All this has fueled a debate over whether the state in the West has become dysfunctional and if there is anything that can be done to stop and reverse the decline of the liberal order. John Micklethwait and Adrian Wooldridge, respectively editor in chief and management editor at The Economist, have attempted to do just that in a short but brilliant new book, The Fourth Revolution. They have resisted the temptation to declare the patient dead or in need of drastic amputation. But they also dismiss calls of those who see the recent financial crisis as the proof that modern capitalism needs taming and an even stronger role for the government. Instead they try to find a new balance between capitalism and the role of an efficient, democratic state by retracing the evolution of the modern state back to its origins in seventeenth century Britain.

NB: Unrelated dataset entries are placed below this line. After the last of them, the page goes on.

(* Let $G$ be a torsion abelian group, $S=\bigoplus_{i\in G}S_i$ a $G$-graded ring and $R=\bigoplus_{i\in G}R_i$ a graded subring of $S$ (so $R_i=R\cap S_i$). Suppose (i) $S=R[v]$ is a polynomial ring in one variable over $R$ for some homogeneous element $v$ of $S$, and (ii) $H=\{i\in G: R_i\neq0\}$ is a subgroup of $G$. Then at least one of the following holds: (a) $S_0$ is a polynomial ring in one variable over $R_0$; (b) there exists $e\in H\setminus\{0\}$ such that, if $k>0$ denotes the order of $e$ in $H$, then for every $r\in R_e\setminus\{0\}$ the localization $(S_0)_{r^k}$ is a polynomial ring in one variable.
   Context: A ring $C$ is a polynomial ring in one variable if there is a subring $A\subseteq C$ such that $C$ is a polynomial ring in one variable over $A$ (the zero ring counts). *)

From HB Require Import structures.
From mathcomp Require Import all_boot all_order all_algebra.
Set Implicit Arguments. Unset Strict Implicit. Unset Printing Implicit Defensive.
Import GRing.Theory.
Local Open Scope ring_scope.

(* Rings are commutative with 1; the zero ring is allowed (comPzRingType). *)

Definition subring_of (C : pzRingType) (A : pred C) : Prop :=
  1 \in A /\ (forall a b, a \in A -> b \in A -> a - b \in A) /\
  (forall a b, a \in A -> b \in A -> a * b \in A).

Definition poly_expr (C : comPzRingType) (s : seq C) (x : C) : C :=
  \sum_(i < size s) s`_i * x ^+ i.

(* The subring D of C equals A[x] and x is algebraically independent over A,
   i.e. D is a polynomial ring in one variable x over A (A should be a subring
   contained in D). *)
Definition is_poly_ring_in_over (C : comPzRingType) (D A : pred C) (x : C) : Prop :=
  x \in D /\
  (forall c, c \in D -> exists s : seq C, all (fun a => a \in A) s /\ c = poly_expr s x) /\
  (forall s : seq C, all (fun a => a \in A) s -> poly_expr s x = 0 ->
     all (fun a => a == 0) s).

Definition is_poly_ring1 (L : comPzRingType) : Prop :=
  exists (A : pred L) (x : L), subring_of A /\ is_poly_ring_in_over predT A x.

Definition torsion (G : zmodType) : Prop :=
  forall g : G, exists n, (0 < n)%N /\ g *+ n = 0.

Definition is_grading (G : zmodType) (S : comPzRingType) (Sg : G -> pred S) : Prop :=
  (forall i, 0 \in Sg i) /\
  (forall i a b, a \in Sg i -> b \in Sg i -> a - b \in Sg i) /\
  (forall i j a b, a \in Sg i -> b \in Sg j -> a * b \in Sg (i + j)) /\
  (forall s : S, exists (l : seq G) (f : G -> S),
      uniq l /\ (forall i, f i \in Sg i) /\ s = \sum_(i <- l) f i) /\
  (forall (l : seq G) (f : G -> S), uniq l -> (forall i, f i \in Sg i) ->
      \sum_(i <- l) f i = 0 -> forall i, i \in l -> f i = 0).

(* R is a graded subring of S: a subring containing the homogeneous
   components of each of its elements (so R = (+)_i R_i, R_i = R cap S_i). *)
Definition graded_subring (G : zmodType) (S : comPzRingType) (Sg : G -> pred S)
  (R : pred S) : Prop :=
  subring_of R /\
  (forall (r : S) (l : seq G) (f : G -> S), r \in R -> uniq l ->
     (forall i, f i \in Sg i) -> r = \sum_(i <- l) f i ->
     forall i, i \in l -> f i \in R).

Definition in_support (G : zmodType) (S : comPzRingType) (Sg : G -> pred S)
  (R : pred S) (i : G) : Prop :=
  exists r, r \in R /\ r \in Sg i /\ r != 0.

Definition support_is_subgroup (G : zmodType) (S : comPzRingType) (Sg : G -> pred S)
  (R : pred S) : Prop :=
  in_support Sg R 0 /\
  (forall i j, in_support Sg R i -> in_support Sg R j -> in_support Sg R (i - j)).

Definition is_order (G : zmodType) (e : G) (k : nat) : Prop :=
  (0 < k)%N /\ e *+ k = 0 /\ (forall m, (0 < m)%N -> (m < k)%N -> e *+ m != 0).

(* phi : A -> L (defined on the subring A of S) exhibits L as the
   localization A_f of A at f in A (standard characterization up to iso). *)
Definition is_localization (S : comPzRingType) (A : pred S) (f : S)
  (L : comPzRingType) (phi : S -> L) : Prop :=
  phi 1 = 1 /\
  (forall a b, a \in A -> b \in A -> phi (a + b) = phi a + phi b) /\
  (forall a b, a \in A -> b \in A -> phi (a * b) = phi a * phi b) /\
  (exists y, y * phi f = 1) /\
  (forall y : L, exists (a : S) (n : nat), a \in A /\ y * phi f ^+ n = phi a) /\
  (forall a, a \in A -> phi a = 0 -> exists n, f ^+ n * a = 0).

From HB Require Import structures.
From mathcomp Require Import all_boot all_order all_algebra.
From mathcomp Require Import ring generic_quotient boolp.
Set Implicit Arguments. Unset Strict Implicit. Unset Printing Implicit Defensive.
Import GRing.Theory.
Local Open Scope ring_scope.

(* Let m be the order of the degree d of v modulo H, and w = v ^+ m.  As R_i = 0
   for i outside H, taking degree-0 components in S = R[v] shows that every
   element of S_0 is a sum of terms c_i w^i with c_i in R of degree -i m d, and w
   is algebraically independent over R.  If m d = 0 this says S_0 = R_0[w].
   Otherwise e = - m d is a nonzero element of H; for r in R_e and k the order
   of e, f = r^k has degree 0 and c_i w^i = c_i r^((k-1) i) (r w)^i / f^i, so
   after inverting f the ring S_0 becomes a polynomial ring in r w over the
   localization of R_0. *)

Lemma nth_map0 (U V : nmodType) (g : U -> V) (s : seq U) i :
  g 0 = 0 -> (map g s)`_i = g s`_i.
Proof.
move=> g0; case: (ltnP i (size s)) => [lt_is|le_si]; first exact: nth_map.
by rewrite !nth_default ?size_map.
Qed.

(** * Polynomial expressions *)

Section PolyExpr.
Variable T : comPzRingType.
Implicit Types (s : seq T) (x t : T).

Lemma poly_exprE s x n : (size s <= n)%N ->
  poly_expr s x = \sum_(i < n) s`_i * x ^+ i.
Proof.
move=> le_sn; rewrite [RHS](bigID (fun i : 'I_n => (i < size s)%N)) /=.
rewrite [X in _ + X]big1 ?addr0; first exact: (big_ord_widen _ (fun i => s`_i * x ^+ i)).
by move=> i; rewrite -leqNgt => /(nth_default 0) ->; rewrite mul0r.
Qed.

Lemma eq_poly_expr s1 s2 x : (forall i, s1`_i = s2`_i) ->
  poly_expr s1 x = poly_expr s2 x.
Proof.
move=> eq_s; rewrite (@poly_exprE _ _ (maxn (size s1) (size s2))) ?leq_maxl //.
rewrite [RHS](@poly_exprE _ _ (maxn (size s1) (size s2))) ?leq_maxr //.
by apply: eq_bigr => i _; rewrite eq_s.
Qed.

Lemma poly_expr_mulr s x t : poly_expr [seq a * t | a <- s] x = poly_expr s x * t.
Proof.
rewrite /poly_expr size_map mulr_suml; apply: eq_bigr => i _.
by rewrite (nth_map 0) // mulrAC.
Qed.

Lemma poly_expr_mulX s t x :
  poly_expr s (t * x) = poly_expr (mkseq (fun i => s`_i * t ^+ i) (size s)) x.
Proof.
rewrite /poly_expr size_mkseq; apply: eq_bigr => i _.
by rewrite nth_mkseq // exprMn mulrA.
Qed.

Definition stretch n s :=
  mkseq (fun j => if (n %| j)%N then s`_(j %/ n) else 0) (n * size s).

Lemma nth_stretch n s j : (0 < n)%N ->
  (stretch n s)`_j = if (n %| j)%N then s`_(j %/ n) else 0.
Proof.
move=> n_gt0; case: (ltnP j (n * size s)) => [lt_j|le_j]; first by rewrite nth_mkseq.
rewrite nth_default ?size_mkseq //; case: ifP => // /dvdnP [q def_j].
by move: le_j; rewrite def_j mulnK // mulnC leq_pmul2r // => /(nth_default 0) ->.
Qed.

Lemma poly_expr_stretch n s x : (0 < n)%N ->
  poly_expr (stretch n s) x = poly_expr s (x ^+ n).
Proof.
move=> n_gt0; rewrite /poly_expr size_mkseq.
rewrite -(big_mkord (fun _ => true) (fun i => (stretch n s)`_i * x ^+ i)).
rewrite mulnC big_nat_mul big_mkord; apply: eq_bigr => i _.
rewrite big_ltn ?ltn_pmul2r // big1_seq /= => [|j].
  by rewrite addr0 nth_stretch // dvdn_mull // mulnK // mulnC exprM.
rewrite mem_index_iota nth_stretch // => /andP [lt_ij lt_ji].
case: ifP => [/dvdnP [q def_j]|]; last by rewrite mul0r.
move: lt_ij lt_ji; rewrite def_j !ltn_pmul2r // ltnS => lt_iq.
by move/(leq_trans lt_iq); rewrite ltnn.
Qed.

Lemma poly_expr_sparse n s x : (0 < n)%N ->
  (forall j, ~~ (n %| j)%N -> s`_j = 0) ->
  poly_expr s x = poly_expr (mkseq (fun i => s`_(n * i)) (size s)) (x ^+ n).
Proof.
move=> n_gt0 s_sparse; rewrite -poly_expr_stretch //; apply: eq_poly_expr => j.
rewrite nth_stretch //; case: ifPn => [/dvdnP [q ->]|/s_sparse //].
rewrite mulnK // mulnC; case: (ltnP q (size s)) => [lt_q|le_q]; first by rewrite nth_mkseq.
by rewrite !nth_default ?size_mkseq // (leq_trans le_q) ?leq_pmull.
Qed.

Lemma poly_expr_free_expn (A : pred T) x n : (0 < n)%N -> 0 \in A ->
  (forall s, all (fun a => a \in A) s -> poly_expr s x = 0 -> all (fun a => a == 0) s) ->
  forall s, all (fun a => a \in A) s -> poly_expr s (x ^+ n) = 0 -> all (fun a => a == 0) s.
Proof.
move=> n_gt0 A0 x_free s sA; rewrite -poly_expr_stretch // => /x_free x_s.
have /x_s : all (fun a => a \in A) (stretch n s).
  apply/allP => _ /mapP [j _ ->]; case: ifP => // _.
  by case: (ltnP (j %/ n) (size s)) => [/(all_nthP 0 sA)//| /(nth_default 0) ->].
move=> /(all_nthP 0) s0; apply/(all_nthP 0) => i lt_is.
have := s0 (n * i)%N; rewrite nth_stretch // dvdn_mulr // mulKn //.
by rewrite size_mkseq ltn_pmul2l //; apply.
Qed.

End PolyExpr.

(** * Localization of a commutative ring at an element *)

Section Localization.
Variables (T : comPzRingType) (f : T).

(* The pair (a, n) stands for the fraction a / f ^+ n. *)
Definition frac_equiv (x y : T * nat) : Prop :=
  exists p, f ^+ p * (x.1 * f ^+ y.2 - y.1 * f ^+ x.2) = 0.

Definition frac_equivb x y := `[< frac_equiv x y >].

Lemma frac_equiv_class : equiv_class_of frac_equivb.
Proof.
split.
- by move=> x; apply/asboolP; exists 0%N; rewrite subrr mulr0.
- move=> x y; apply/asboolP/asboolP => -[p hp]; exists p;
  by rewrite -opprB mulrN hp oppr0.
- move=> y x z /asboolP [p hp] /asboolP [q hq]; apply/asboolP; exists (p + q + y.2)%N.
  have -> : f ^+ (p + q + y.2) * (x.1 * f ^+ z.2 - z.1 * f ^+ x.2)
     = f ^+ (q + z.2) * (f ^+ p * (x.1 * f ^+ y.2 - y.1 * f ^+ x.2))
       + f ^+ (p + x.2) * (f ^+ q * (y.1 * f ^+ z.2 - z.1 * f ^+ y.2)).
    by rewrite !exprD; ring.
  by rewrite hp hq !mulr0 addr0.
Qed.

Canonical frac_equiv_equiv := EquivRelPack frac_equiv_class.
Canonical frac_equiv_encModRel := defaultEncModRel frac_equivb.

The authors identify three crucial developments in the evolution of the modern state: the first linked to Hobbes and the discovery of the power of the central government, the Leviathan; the second represented by the liberal revolution of John Stuart Mill; and finally, the third based on the development of the welfare state, which came about in response to rising expectations about what services the state should offer to its citizens. The search heralds a champion, William Gladstone, the four-time British prime minister, who in the midst of the industrial revolution in the nineteenth century adapted the British state to the challenges of its time. It was the triumph of small government, confined to performing well-defined and limited tasks, but doing so extremely well. According to the authors the Gladstonian approach cannot provide a blueprint for the reforms needed in today’s world, but its philosophy of public restraint does. Since attempts in the West to tame big government having failed—and this very much in spite of the Reagan and Thatcher revolutions of the 1980s—Micklethwait and Wooldridge look elsewhere for elements that can help the Western, liberal state to survive and return to serve its citizens more effectively.

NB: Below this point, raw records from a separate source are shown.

(* Deleting fewer than two vertices from the facet graph removes at most one
   triangle r; write W for the support of Z minus r.  The cocycle condition on a
   4-set Q says that Q never has exactly one face in the support, so a supported
   triangle s and a vertex y outside s yield a second supported triangle in
   s + y, sharing an edge with s.  For n >= 4 this gives two supported
   triangles, so W is nonempty.  Two triangles of W through a common vertex x
   are joined inside their union: through a "middle" triangle containing x, or,
   if no middle triangle lies in W, through two "outer" triangles avoiding x, at
   most one of which can be r.  Disjoint triangles are reduced to this case by a
   single exchange step. *)

(* Bookkeeping for small explicit sets of points assumed pairwise distinct:
   [neqs_of H] turns [H : uniq _] or [H : _ \notin [set _; ..]] into
   disequalities, which [finset_dec] uses to decide memberships, set
   equalities and [uniq] goals. *)
Local Ltac rewrite_neqs := repeat match goal with
  | H : is_true (?u != ?v) |- context [?u == ?v] => rewrite (negbTE H)
  | H : is_true (?u != ?v) |- context [?v == ?u] => rewrite (eq_sym v u) (negbTE H)
  end.

Local Ltac neqs_of H := let U := fresh in have U := H;
  rewrite /= ?inE ?negb_or /= in U;
  repeat match goal with
  | U : is_true ((_ && _) && _) |- _ => rewrite -andbA in U
  | U : is_true ((_ != _) && _) |- _ => case/andP: U => ? ?
  | U : is_true true |- _ => clear U
  end.

Local Ltac finset_dec :=
  try (apply/setP => ?); rewrite /= ?inE; rewrite_neqs; rewrite ?eqxx /=;
  repeat match goal with |- context [?y == ?u] =>
    case: (y =P u) => [->|/eqP ?]; rewrite_neqs; rewrite ?eqxx /= end;
  rewrite ?orbT ?orbF ?andbT ?andbF //.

They find some answers in authoritarian Asian countries that have developed efficient technocracies, others in Nordic nations that have reduced the size of their once bloated governments while at the same time preserving crucial services—thanks in part to more effective private public partnerships. Wooldridge and Micklethwait could have added the largely successful German experience of the social market economy to the mix, but perhaps they will dedicate more time to the German model on the
pages of The Economist.
But overall, they get it exactly right. The authors praise the advantages of devolution, which in EU parlance is known as subsidiarity. Indeed, some of the few shining examples of success in the West are to be found at the local level, in cities such as New York. At the same time certain centralized elements of a well-functioning state need to be preserved and protected from direct and constant public meddling, often disguised as democratic accountability. Central banks, for example, would cease to function properly for the general interest if citizens were allowed to block their work at every juncture. Only through their independence can they perform their duties.
The authors have little patience for what has happened in the name of democratic accountability in recent decades. Poll-driven democracies don’t function properly. The book’s call for a return to the bygone Gladstonian era is therefore first and foremost an urgent appeal for a return to the roots of representative democracy, one in which the state is democratically controlled, but still allows for medium to long-term decisions in the name of the general interest.
This book will neither please advocates of big governments nor those who think that any form of central government should be dismantled. But it will prove very satisfying for all of us who think that government still has a role to play, but needs to undergo major surgery.